# [Your goal]
Without any alteration, retype the records that appear below.

Saved data entries:
%%

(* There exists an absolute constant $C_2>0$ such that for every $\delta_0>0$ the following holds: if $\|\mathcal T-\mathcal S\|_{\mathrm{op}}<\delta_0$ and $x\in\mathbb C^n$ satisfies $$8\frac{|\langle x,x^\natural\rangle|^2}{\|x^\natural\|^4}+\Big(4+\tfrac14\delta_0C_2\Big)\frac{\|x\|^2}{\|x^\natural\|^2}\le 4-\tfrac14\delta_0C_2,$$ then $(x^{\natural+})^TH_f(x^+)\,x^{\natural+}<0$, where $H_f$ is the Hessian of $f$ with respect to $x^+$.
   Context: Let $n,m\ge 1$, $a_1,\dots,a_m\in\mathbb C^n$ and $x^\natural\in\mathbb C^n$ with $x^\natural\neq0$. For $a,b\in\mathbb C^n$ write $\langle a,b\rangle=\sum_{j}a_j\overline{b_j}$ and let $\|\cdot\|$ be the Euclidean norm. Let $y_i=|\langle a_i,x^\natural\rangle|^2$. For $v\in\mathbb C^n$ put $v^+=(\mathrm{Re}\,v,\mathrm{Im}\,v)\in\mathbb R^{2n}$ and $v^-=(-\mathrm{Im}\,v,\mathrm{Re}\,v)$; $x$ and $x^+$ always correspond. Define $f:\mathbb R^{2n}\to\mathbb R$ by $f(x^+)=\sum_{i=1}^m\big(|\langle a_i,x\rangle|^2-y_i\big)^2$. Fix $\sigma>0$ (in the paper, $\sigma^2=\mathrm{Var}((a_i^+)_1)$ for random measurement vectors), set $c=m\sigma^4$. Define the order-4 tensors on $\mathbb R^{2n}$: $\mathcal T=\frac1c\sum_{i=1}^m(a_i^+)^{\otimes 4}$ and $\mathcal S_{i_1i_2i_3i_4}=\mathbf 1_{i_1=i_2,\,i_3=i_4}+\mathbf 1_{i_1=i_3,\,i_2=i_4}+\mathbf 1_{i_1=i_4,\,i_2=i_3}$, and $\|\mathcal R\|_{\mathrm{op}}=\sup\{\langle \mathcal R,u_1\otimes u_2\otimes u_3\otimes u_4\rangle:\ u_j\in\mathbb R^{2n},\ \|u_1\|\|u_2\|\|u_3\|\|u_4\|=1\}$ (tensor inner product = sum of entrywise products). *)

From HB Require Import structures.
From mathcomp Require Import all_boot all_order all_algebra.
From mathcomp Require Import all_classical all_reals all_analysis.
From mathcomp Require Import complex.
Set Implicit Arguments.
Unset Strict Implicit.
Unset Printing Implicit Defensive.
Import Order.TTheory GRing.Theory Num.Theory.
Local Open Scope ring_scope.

%%

# [Answer for the task]
(* There exists an absolute constant $C_2>0$ such that for every $\delta_0>0$ the following holds: if $\|\mathcal T-\mathcal S\|_{\mathrm{op}}<\delta_0$ and $x\in\mathbb C^n$ satisfies $$8\frac{|\langle x,x^\natural\rangle|^2}{\|x^\natural\|^4}+\Big(4+\tfrac14\delta_0C_2\Big)\frac{\|x\|^2}{\|x^\natural\|^2}\le 4-\tfrac14\delta_0C_2,$$ then $(x^{\natural+})^TH_f(x^+)\,x^{\natural+}<0$, where $H_f$ is the Hessian of $f$ with respect to $x^+$.
   Context: Let $n,m\ge 1$, $a_1,\dots,a_m\in\mathbb C^n$ and $x^\natural\in\mathbb C^n$ with $x^\natural\neq0$. For $a,b\in\mathbb C^n$ write $\langle a,b\rangle=\sum_{j}a_j\overline{b_j}$ and let $\|\cdot\|$ be the Euclidean norm. Let $y_i=|\langle a_i,x^\natural\rangle|^2$. For $v\in\mathbb C^n$ put $v^+=(\mathrm{Re}\,v,\mathrm{Im}\,v)\in\mathbb R^{2n}$ and $v^-=(-\mathrm{Im}\,v,\mathrm{Re}\,v)$; $x$ and $x^+$ always correspond. Define $f:\mathbb R^{2n}\to\mathbb R$ by $f(x^+)=\sum_{i=1}^m\big(|\langle a_i,x\rangle|^2-y_i\big)^2$. Fix $\sigma>0$ (in the paper, $\sigma^2=\mathrm{Var}((a_i^+)_1)$ for random measurement vectors), set $c=m\sigma^4$. Define the order-4 tensors on $\mathbb R^{2n}$: $\mathcal T=\frac1c\sum_{i=1}^m(a_i^+)^{\otimes 4}$ and $\mathcal S_{i_1i_2i_3i_4}=\mathbf 1_{i_1=i_2,\,i_3=i_4}+\mathbf 1_{i_1=i_3,\,i_2=i_4}+\mathbf 1_{i_1=i_4,\,i_2=i_3}$, and $\|\mathcal R\|_{\mathrm{op}}=\sup\{\langle \mathcal R,u_1\otimes u_2\otimes u_3\otimes u_4\rangle:\ u_j\in\mathbb R^{2n},\ \|u_1\|\|u_2\|\|u_3\|\|u_4\|=1\}$ (tensor inner product = sum of entrywise products). *)

From HB Require Import structures.
From mathcomp Require Import all_boot all_order all_algebra.
From mathcomp Require Import all_classical all_reals all_analysis.
From mathcomp Require Import complex.
Set Implicit Arguments.
Unset Strict Implicit.
Unset Printing Implicit Defensive.
Import Order.TTheory GRing.Theory Num.Theory.
Local Open Scope ring_scope.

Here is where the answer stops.